Required action>
Starting with the first line of the data that follows, transcribe every line verbatim until the line containing "map_mx (fun x : rat => ratr x) A." has been transcribed.

# # # # # # #

(* Let $\tau$ be a point of the upper half plane, and let $Q_1,Q_2\in M_2(\mathbb Z)$ be symmetric positive definite matrices of determinant $N$. Put $H_i=(\operatorname{Im}(Q_i\tau))^{-1}$ and $\mathscr R_i=\{M\in\operatorname{End}(X_{Q_i\tau}):{}^t\bar MH_i=H_iM^\iota\}$ for $i=1,2$. Let $S=\mathbb Z$ or $\mathbb Q$ and suppose there is $A\in GL_2(S)$ with $Q_2=(\det A)^{-1}AQ_1\,{}^tA$. Then $M\mapsto AMA^{-1}$ is an $S$-algebra isomorphism $\operatorname{End}_S(X_{Q_1\tau})\to\operatorname{End}_S(X_{Q_2\tau})$, and it induces an $S$-algebra isomorphism $\mathscr R_1\otimes_{\mathbb Z}S\to\mathscr R_2\otimes_{\mathbb Z}S$.
   Context: For $z$ in the Siegel upper half space $\mathfrak h_2=\{z\in M_2(\mathbb C):{}^tz=z,\operatorname{Im}z>0\}$: $L_z=[z,\mathbf 1_2]\mathbb Z^4\subset\mathbb C^2$, $X_z=\mathbb C^2/L_z$; $\operatorname{End}(X_z)=\operatorname{End}_{\mathbb Z}(X_z)$ is identified with the ring of $M\in M_2(\mathbb C)$ with $ML_z\subseteq L_z$, and $\operatorname{End}_{\mathbb Q}(X_z)=\operatorname{End}(X_z)\otimes\mathbb Q$. For a $2\times2$ matrix $M$, $M^\iota=\operatorname{tr}(M)\mathbf 1_2-M$ and $\bar M$ is entrywise complex conjugation. $N$ is a prime. *)

From HB Require Import structures.
From mathcomp Require Import all_boot all_order all_algebra.
Set Implicit Arguments. Unset Strict Implicit. Unset Printing Implicit Defensive.
Import Order.TTheory GRing.Theory Num.Theory.
Local Open Scope ring_scope.

Inductive scal := SZ | SQ.

Definition intmx (R : nzRingType) m n (A : 'M[int]_(m, n)) : 'M[R]_(m, n) :=
  map_mx (fun x : int => x%:~R) A.

Definition ratmx (C : numClosedFieldType) m n (A : 'M[rat]_(m, n)) : 'M[C]_(m, n) :=
  map_mx (fun x : rat => ratr x) A.

(* v lies in the lattice L_z = [z, 1_2] Z^4. *)
Definition in_lattice (C : numClosedFieldType) (z : 'M[C]_2) (v : 'cV[C]_2) : Prop :=
  exists a b : 'cV[int]_2, v = z *m intmx C a + intmx C b.

(* End(X_z) = End_Z(X_z): complex matrices M with M L_z ⊆ L_z. *)
Definition EndX (C : numClosedFieldType) (z : 'M[C]_2) (M : 'M[C]_2) : Prop :=
  forall v, in_lattice z v -> in_lattice z (M *m v).

(* End_S(X_z); for S = Q, End(X_z) ⊗ Q realised inside M_2(C). *)
Definition EndS (C : numClosedFieldType) (S : scal) (z M : 'M[C]_2) : Prop :=
  match S with
  | SZ => EndX z M
  | SQ => exists n : nat, (0 < n)%N /\ EndX z (n%:R *: M)
  end.

Definition Hmat (C : numClosedFieldType) (z : 'M[C]_2) : 'M[C]_2 :=
  invmx (map_mx (fun x : C => 'Im x) z).

Definition iota_mx (C : numClosedFieldType) (M : 'M[C]_2) : 'M[C]_2 :=
  (\tr M)%:M - M.

Definition Rring (C : numClosedFieldType) (z M : 'M[C]_2) : Prop :=
  EndX z M /\ (map_mx (fun x : C => x^*) M)^T *m Hmat z = Hmat z *m iota_mx M.

(* R_z ⊗_Z S realised inside M_2(C). *)
Definition RS (C : numClosedFieldType) (S : scal) (z M : 'M[C]_2) : Prop :=
  match S with
  | SZ => Rring z M
  | SQ => exists n : nat, (0 < n)%N /\ Rring z (n%:R *: M)
  end.

Definition GL2 (S : scal) (A : 'M[rat]_2) : Prop :=
  A \in unitmx /\
  (S = SZ -> exists Ai Bi : 'M[int]_2, A = intmx rat Ai /\ invmx A = intmx rat Bi).

Definition posdef (C : numClosedFieldType) (Q : 'M[int]_2) : Prop :=
  Q^T = Q /\
  forall v : 'cV[C]_2, (forall i, v i 0 \is Num.real) -> v != 0 ->
    0 < (v^T *m intmx C Q *m v) 0 0.

Definition is_scalar (S : scal) (c : rat) : Prop :=
  match S with SZ => exists k : int, c = k%:~R | SQ => True end.

From HB Require Import structures.
From mathcomp Require Import all_boot all_order all_algebra.
Import Order.TTheory GRing.Theory Num.Theory.
Set Implicit Arguments. Unset Strict Implicit. Unset Printing Implicit Defensive.
Local Open Scope ring_scope.

(** For [z_i = tau Q_i] the hypothesis says [z_2 = (det A)^-1 A z_1 A^T], so
    [A z_1 = z_2 (adj A)^T]: an integral matrix [P] proportional to [A] maps the
    lattice [L_{z_1}] into [L_{z_2}] (in dimension 2 the twist only sees [A] up to
    scalars), and similarly for [A^-1].  Choosing [d] with [d A] and [d A^-1]
    integral ([d = 1] over [Z]), [d^2 A M A^-1] stabilises [L_{z_2}] whenever [M]
    stabilises [L_{z_1}].  As [A] is real, [Im z_2] is the same twist of [Im z_1],
    and conjugation by [A] carries the condition [t(conj M) H_1 = H_1 M^iota] to
    the one for [H_2].  The inverse map is conjugation by [A^-1], which satisfies
    the hypotheses with [Q_1] and [Q_2] exchanged.  Primality of [N] and positive
    definiteness are only used through [det Q_i <> 0]. *)

Definition twist (R : comUnitRingType) n (A X : 'M[R]_n) : 'M[R]_n :=
  (\det A)^-1 *: (A *m X *m A^T).

Lemma twistZl (F : fieldType) (c : F) (A X : 'M[F]_2) :
  c != 0 -> twist (c *: A) X = twist A X.
Proof.
move=> c0; rewrite /twist detZ linearZ /= -!scalemxAl -scalemxAr !scalerA.
by rewrite invfM -mulrA -expr2 mulrAC mulVf ?expf_neq0 ?mul1r.
Qed.

Lemma twistZr (R : comUnitRingType) n (c : R) (A X : 'M[R]_n) :
  twist A (c *: X) = c *: twist A X.
Proof. by rewrite /twist -scalemxAr -scalemxAl !scalerA mulrC. Qed.

Lemma twistK (R : comUnitRingType) n (A : 'M[R]_n) :
  A \in unitmx -> cancel (twist A) (twist (invmx A)).
Proof.
move=> Au X; rewrite /twist det_inv invrK -scalemxAr -scalemxAl scalerA.
rewrite mulrC mulVr -?unitmxE // scale1r !mulmxA mulVmx // mul1mx.
by rewrite -mulmxA -trmx_mul mulVmx // trmx1 mulmx1.
Qed.

Lemma twist_mul_adj (R : comUnitRingType) n (A X : 'M[R]_n) :
  A \in unitmx -> twist A X *m (\adj A)^T = A *m X.
Proof.
move=> Au; rewrite /twist -scalemxAl -!mulmxA -trmx_mul mul_adj_mx tr_scalar_mx.
by rewrite mul_mx_scalar -scalemxAr scalerA mulVr -?unitmxE // scale1r.
Qed.

Lemma unitmx_twist (R : comUnitRingType) n (A X : 'M[R]_n) :
  A \in unitmx -> X \in unitmx -> twist A X \in unitmx.
Proof.
move=> Au Xu; rewrite unitmxZ ?unitrV -?unitmxE //.
by rewrite !unitmx_mul unitmx_tr Au Xu.
Qed.

Lemma map_twist (F R : fieldType) (f : {rmorphism F -> R}) n (A X : 'M[F]_n) :
  map_mx f (twist A X) = twist (map_mx f A) (map_mx f X).
Proof. by rewrite /twist map_mxZ !map_mxM map_trmx det_map_mx fmorphV. Qed.

Lemma ratmx_twist (C : numClosedFieldType) (A X : 'M[rat]_2) :
  ratmx C (twist A X) = twist (ratmx C A) (ratmx C X).
Proof. exact: map_twist. Qed.

Lemma ratmx_intmx (C : numClosedFieldType) m n (X : 'M[int]_(m, n)) :
  ratmx C (intmx rat X) = intmx C X.
Proof. by apply/matrixP => i j; rewrite !mxE ratr_int. Qed.

Lemma intmxZ (R : nzRingType) m n (k : int) (X : 'M[int]_(m, n)) :
  intmx R (k *: X) = k%:~R *: intmx R X.
Proof. by apply/matrixP => i j; rewrite !mxE intrM. Qed.

Lemma ratmx_unitmx (C : numClosedFieldType) (A : 'M[rat]_2) :
  (ratmx C A \in unitmx) = (A \in unitmx).
Proof. by rewrite !unitmxE !unitfE det_map_mx fmorph_eq0. Qed.

Lemma conjmxZ (F : fieldType) m n (V : 'M[F]_(m, n)) a f :
  conjmx V (a *: f) = a *: conjmx V f.
Proof. by rewrite /conjmx -scalemxAr -scalemxAl. Qed.

Section Lattice.
Variable C : numClosedFieldType.

(* [P z = (twist P z) (adj P)^T], and the adjugate of an integral matrix is integral. *)
Lemma in_lattice_mul (z : 'M[C]_2) (P : 'M[int]_2) v :
  intmx C P \in unitmx -> in_lattice z v ->
  in_lattice (twist (intmx C P) z) (intmx C P *m v).
Proof.
move=> Pu [a [b ->]]; exists ((\adj P)^T *m a), (P *m b).
by rewrite /intmx mulmxDr mulmxA -twist_mul_adj // !map_mxM -map_trmx -map_mx_adj mulmxA.
Qed.

Lemma EndX_mul_intmx (z : 'M[C]_2) (P P' : 'M[int]_2) M :
  intmx C P \in unitmx -> intmx C P' \in unitmx ->
  twist (intmx C P') (twist (intmx C P) z) = z ->
  EndX z M -> EndX (twist (intmx C P) z) (intmx C P *m M *m intmx C P').
Proof.
move=> Pu P'u zK HM v Hv; rewrite -!mulmxA; apply: in_lattice_mul => //.
by apply: HM; rewrite -zK; apply: in_lattice_mul.
Qed.

Lemma EndX_conjmx (z A : 'M[C]_2) (d : nat) (P P' : 'M[int]_2) M :
  A \in unitmx -> (0 < d)%N ->
  d%:R *: A = intmx C P -> d%:R *: invmx A = intmx C P' ->
  EndX z M -> EndX (twist A z) (d%:R ^+ 2 *: conjmx A M).
Proof.
move=> Au d_gt0 dA dA' HM.
have d0 : d%:R != 0 :> C by rewrite pnatr_eq0 -lt0n.
have dAu (B : 'M[C]_2) : B \in unitmx -> d%:R *: B \in unitmx.
  by rewrite unitmxZ ?unitfE.
have := @EndX_mul_intmx z P P' M; rewrite -dA -dA' !twistZl // twistK //.
rewrite -scalemxAr -!scalemxAl scalerA -expr2 -conjumx //.
by apply; rewrite ?dAu ?unitmx_inv.
Qed.
End Lattice.

Lemma denom_mx_rat m n (X : 'M[rat]_(m, n)) :
  exists2 d : nat, (0 < d)%N & exists P, d%:R *: X = intmx rat P.
Proof.
pose d := (\prod_(ij : 'I_m * 'I_n) `|denq (X ij.1 ij.2)|)%N.
exists d; first by rewrite prodn_gt0 // => ij; rewrite absz_gt0 denq_neq0.
exists (\matrix_(i, j) Num.floor (d%:R * X i j)); apply/matrixP => i j.
rewrite !mxE; apply/esym/eqP; rewrite -intrEfloor.
rewrite /d (bigD1 (i, j)) //= natrM mulrAC natr_absz gtr0_norm ?denq_gt0 //.
by rewrite [_ * X i j]mulrC -numqE rpredM ?intr_int ?natr_int.
Qed.

Section Rosati.
Variable C : numClosedFieldType.
Implicit Types A G H M : 'M[C]_2.

(* The Rosati involution of [M] with respect to [H] is [M^iota]. *)
Definition rosati_iota H M :=
  (map_mx (fun x : C => x^*) M)^T *m H = H *m iota_mx M.

Lemma rosati_iota_invmx G M : G \in unitmx ->
  rosati_iota (invmx G) M <-> G *m (map_mx (fun x : C => x^*) M)^T = iota_mx M *m G.
Proof.
move=> Gu; rewrite /rosati_iota; split=> E.
  by rewrite -[LHS]mulmx1 -(mulVmx Gu) mulmxA -(mulmxA G) E mulmxA mulmxV ?mul1mx.
by rewrite -[LHS]mul1mx -(mulVmx Gu) -mulmxA (mulmxA G) E mulmxK.
Qed.

Lemma iota_conjmx A M : A \in unitmx -> iota_mx (conjmx A M) = conjmx A (iota_mx M).
Proof.
move=> Au; rewrite !conjumx // /iota_mx mxtrace_mulC mulmxA mulVmx // mul1mx.
by rewrite mulmxBr mulmxBl scalar_mxC mulmxK.
Qed.

Lemma rosati_iotaZ H M (k : nat) :
  rosati_iota H M -> rosati_iota H (k%:R *: M).
Proof.
rewrite /rosati_iota /iota_mx map_mxZ /= conjC_nat linearZ /= mxtraceZ.
by rewrite -scale_scalar_mx -scalerBr -scalemxAl -scalemxAr => ->.
Qed.

Lemma rosati_iota_twist G A M :
  G \in unitmx -> A \in unitmx -> map_mx (fun x : C => x^*) A = A ->
  rosati_iota (invmx G) M -> rosati_iota (invmx (twist A G)) (conjmx A M).
Proof.
move=> Gu Au Areal /(rosati_iota_invmx _ Gu) E.
apply/rosati_iota_invmx; first exact: unitmx_twist.
rewrite iota_conjmx // !conjumx // /twist -scalemxAl -scalemxAr; congr (_ *: _).
rewrite !map_mxM map_invmx Areal !trmx_mul trmx_inv !mulmxA.
rewrite -(mulmxA _ A^T) mulmxV ?unitmx_tr // mulmx1 -(mulmxA A G) E.
by rewrite !mulmxA mulmxKV.
Qed.

Lemma Hmat_scale_ratmx (tau : C) (X : 'M[rat]_2) :
  Hmat (tau *: ratmx C X) = invmx ('Im tau *: ratmx C X).
Proof. by congr invmx; apply/matrixP => i j; rewrite !mxE ImMr ?rpred_rat. Qed.
End Rosati.

Lemma GL2_inv S A : GL2 S A -> GL2 S (invmx A).
Proof.
case=> Au AZ; split=> [|/AZ [P [P' [AP A'P]]]]; first by rewrite unitmx_inv.
by exists P', P; rewrite invmxK.
Qed.

Lemma GL2_integral_multiple S A : GL2 S A ->
  exists d : nat, [/\ (0 < d)%N, S = SZ -> d = 1%N,
    exists P, d%:R *: A = intmx rat P & exists P', d%:R *: invmx A = intmx rat P'].
Proof.
case: S => -[_ AZ].
  have [P [P' [AP A'P]]] := AZ erefl.
  by exists 1%N; split=> //; [exists P | exists P']; rewrite scale1r.
have [d1 d1_gt0 [P1 dA]] := denom_mx_rat A.
have [d2 d2_gt0 [P2 dA']] := denom_mx_rat (invmx A).
exists (d1 * d2)%N; split => //; first by rewrite muln_gt0 d1_gt0.
- by exists (d2%:Z *: P1); rewrite intmxZ -dA scalerA -natrM mulnC.
- by exists (d1%:Z *: P2); rewrite intmxZ -dA' scalerA -natrM.
Qed.

Lemma GL2_EndX_conjmx (C : numClosedFieldType) S (A : 'M[rat]_2) : GL2 S A ->
  exists2 d : nat, (0 < d)%N /\ (S = SZ -> d = 1%N) &
    forall z M, EndX z M ->
      EndX (twist (ratmx C A) z) (d%:R ^+ 2 *: conjmx (ratmx C A) M).
Proof.
move=> GL2A; have [Au _] := GL2A.
have [d [d_gt0 dZ [P dA] [P' dA']]] := GL2_integral_multiple GL2A.
exists d => // z M; apply: (EndX_conjmx (P := P) (P' := P')); rewrite ?ratmx_unitmx //.
- by rewrite -ratmx_intmx -dA /ratmx map_mxZ rmorph_nat.
- by rewrite -ratmx_intmx -dA' /ratmx map_mxZ map_invmx rmorph_nat.
Qed.

Section Transport.
Variables (C : numClosedFieldType) (S : scal) (A : 'M[rat]_2).
Hypothesis GL2A : GL2 S A.

Lemma EndS_conjmx (z M : 'M[C]_2) :
  EndS S z M -> EndS S (twist (ratmx C A) z) (conjmx (ratmx C A) M).
Proof.
have [d [d_gt0 dZ] EndXd] := GL2_EndX_conjmx C GL2A.
case: S dZ => [/(_ erefl) d1 /EndXd | _ [n [n_gt0 /EndXd HM]]].
  by rewrite d1 expr1n scale1r.
exists (d ^ 2 * n)%N; split; first by rewrite muln_gt0 expn_gt0 d_gt0.
by rewrite natrM natrX -scalerA -conjmxZ.
Qed.

Lemma RS_conjmx (tau : C) (X : 'M[rat]_2) M :
  'Im tau != 0 -> X \in unitmx ->
  RS S (tau *: ratmx C X) M ->
  RS S (tau *: ratmx C (twist A X)) (conjmx (ratmx C A) M).
Proof.
move=> tau0 Xu; have [Au _] := GL2A.
have A'u : ratmx C A \in unitmx by rewrite ratmx_unitmx.
have zE : tau *: ratmx C (twist A X) = twist (ratmx C A) (tau *: ratmx C X).
  by rewrite ratmx_twist twistZr.
have rosati N : rosati_iota (Hmat (tau *: ratmx C X)) N ->
    rosati_iota (Hmat (tau *: ratmx C (twist A X))) (conjmx (ratmx C A) N).
  rewrite !Hmat_scale_ratmx ratmx_twist -twistZr; apply: rosati_iota_twist => //.
  - by rewrite unitmxZ ?unitfE ?ratmx_unitmx.
  - by apply/matrixP => i j; rewrite !mxE conj_Creal ?rpred_rat.
have [d [d_gt0 dZ] EndXd] := GL2_EndX_conjmx C GL2A.
rewrite zE; case: S dZ => [/(_ erefl) d1 [/EndXd HM /rosati HH]
                         | _ [n [n_gt0 [/EndXd HM /rosati HH]]]].
  by rewrite d1 expr1n scale1r -zE in HM *.
exists (d ^ 2 * n)%N; split; first by rewrite muln_gt0 expn_gt0 d_gt0.
rewrite natrM natrX -scalerA -conjmxZ; split=> //.
by rewrite -zE -natrX; apply: rosati_iotaZ.
Qed.
End Transport.

Theorem mainTheorem9 (C : numClosedFieldType) (N : nat) (tau : C)
  (Q1 Q2 : 'M[int]_2) (S : scal) (A : 'M[rat]_2) :
  prime N -> 0 < 'Im tau ->
  posdef C Q1 -> posdef C Q2 ->
  \det Q1 = N%:Z -> \det Q2 = N%:Z ->
  GL2 S A ->
  intmx rat Q2 = (\det A)^-1 *: (A *m intmx rat Q1 *m A^T) ->
  let z1 := tau *: intmx C Q1 in
  let z2 := tau *: intmx C Q2 in
  let phi := fun M : 'M[C]_2 => ratmx C A *m M *m invmx (ratmx C A) in
  [/\ phi 1%:M = 1%:M,
      (forall M M', phi (M + M') = phi M + phi M'),
      (forall M M', phi (M *m M') = phi M *m phi M'),
      (forall (c : rat) M, is_scalar S c -> phi (ratr c *: M) = ratr c *: phi M) &
      (forall M M', phi M = phi M' -> M = M')] /\
  ((forall M, EndS S z1 M -> EndS S z2 (phi M)) /\
   (forall M', EndS S z2 M' -> exists M, EndS S z1 M /\ phi M = M')) /\
  ((forall M, RS S z1 M -> RS S z2 (phi M)) /\
   (forall M', RS S z2 M' -> exists M, RS S z1 M /\ phi M = M')).
Proof.
move=> N_prime Im_gt0 _ _ detQ1 detQ2 GL2A Q2E z1 z2 phi.
have [Au _] := GL2A; have GL2A' := GL2_inv GL2A.
have A'u : ratmx C A \in unitmx by rewrite ratmx_unitmx.
have ratmxV : ratmx C (invmx A) = invmx (ratmx C A) by apply: map_invmx.
have phiE M : phi M = conjmx (ratmx C A) M by rewrite conjumx.
have tau0 : 'Im tau != 0 by rewrite gt_eqF.
have Qu Q : \det Q = N%:Z -> intmx rat Q \in unitmx.
  by move=> detQ; rewrite unitmxE det_map_mx detQ unitfE intr_eq0 eqz_nat -lt0n prime_gt0.
have z1E : z1 = tau *: ratmx C (intmx rat Q1) by rewrite ratmx_intmx.
have z2E : z2 = tau *: ratmx C (intmx rat Q2) by rewrite ratmx_intmx.
have Q1E : intmx rat Q1 = twist (invmx A) (intmx rat Q2) by rewrite Q2E twistK.
have z2_twist : z2 = twist (ratmx C A) z1 by rewrite z2E z1E Q2E ratmx_twist twistZr.
have z1_twist : z1 = twist (ratmx C (invmx A)) z2 by rewrite z2_twist ratmxV twistK.
split; [split | split; split].
- by rewrite phiE conjmx_scalar ?row_free_unit.
- by move=> M M'; rewrite /phi mulmxDr mulmxDl.
- by move=> M M'; rewrite !phiE conjmxM // inE stablemx_unit.
- by move=> c M _; rewrite !phiE conjmxZ.
- by move=> M M'; rewrite !phiE => E; rewrite -(conjmxK M A'u) E conjmxK.
- by move=> M; rewrite phiE z2_twist; apply: EndS_conjmx.
- move=> M' HM'; exists (conjmx (ratmx C (invmx A)) M').
  by split; [rewrite z1_twist; apply: EndS_conjmx | rewrite phiE ratmxV conjmxVK].
- by move=> M; rewrite phiE z1E z2E Q2E; apply: RS_conjmx; rewrite ?Qu.
- move=> M' HM'; exists (conjmx (ratmx C (invmx A)) M').
  split; last by rewrite phiE ratmxV conjmxVK.
  by rewrite z1E Q1E; apply: RS_conjmx; rewrite -?z2E ?Qu.
Qed.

# # # # # # #

Solution to this problem>
(* Let $\tau$ be a point of the upper half plane, and let $Q_1,Q_2\in M_2(\mathbb Z)$ be symmetric positive definite matrices of determinant $N$. Put $H_i=(\operatorname{Im}(Q_i\tau))^{-1}$ and $\mathscr R_i=\{M\in\operatorname{End}(X_{Q_i\tau}):{}^t\bar MH_i=H_iM^\iota\}$ for $i=1,2$. Let $S=\mathbb Z$ or $\mathbb Q$ and suppose there is $A\in GL_2(S)$ with $Q_2=(\det A)^{-1}AQ_1\,{}^tA$. Then $M\mapsto AMA^{-1}$ is an $S$-algebra isomorphism $\operatorname{End}_S(X_{Q_1\tau})\to\operatorname{End}_S(X_{Q_2\tau})$, and it induces an $S$-algebra isomorphism $\mathscr R_1\otimes_{\mathbb Z}S\to\mathscr R_2\otimes_{\mathbb Z}S$.
   Context: For $z$ in the Siegel upper half space $\mathfrak h_2=\{z\in M_2(\mathbb C):{}^tz=z,\operatorname{Im}z>0\}$: $L_z=[z,\mathbf 1_2]\mathbb Z^4\subset\mathbb C^2$, $X_z=\mathbb C^2/L_z$; $\operatorname{End}(X_z)=\operatorname{End}_{\mathbb Z}(X_z)$ is identified with the ring of $M\in M_2(\mathbb C)$ with $ML_z\subseteq L_z$, and $\operatorname{End}_{\mathbb Q}(X_z)=\operatorname{End}(X_z)\otimes\mathbb Q$. For a $2\times2$ matrix $M$, $M^\iota=\operatorname{tr}(M)\mathbf 1_2-M$ and $\bar M$ is entrywise complex conjugation. $N$ is a prime. *)

From HB Require Import structures.
From mathcomp Require Import all_boot all_order all_algebra.
Set Implicit Arguments. Unset Strict Implicit. Unset Printing Implicit Defensive.
Import Order.TTheory GRing.Theory Num.Theory.
Local Open Scope ring_scope.

Inductive scal := SZ | SQ.

Definition intmx (R : nzRingType) m n (A : 'M[int]_(m, n)) : 'M[R]_(m, n) :=
  map_mx (fun x : int => x%:~R) A.

Definition ratmx (C : numClosedFieldType) m n (A : 'M[rat]_(m, n)) : 'M[C]_(m, n) :=
  map_mx (fun x : rat => ratr x) A.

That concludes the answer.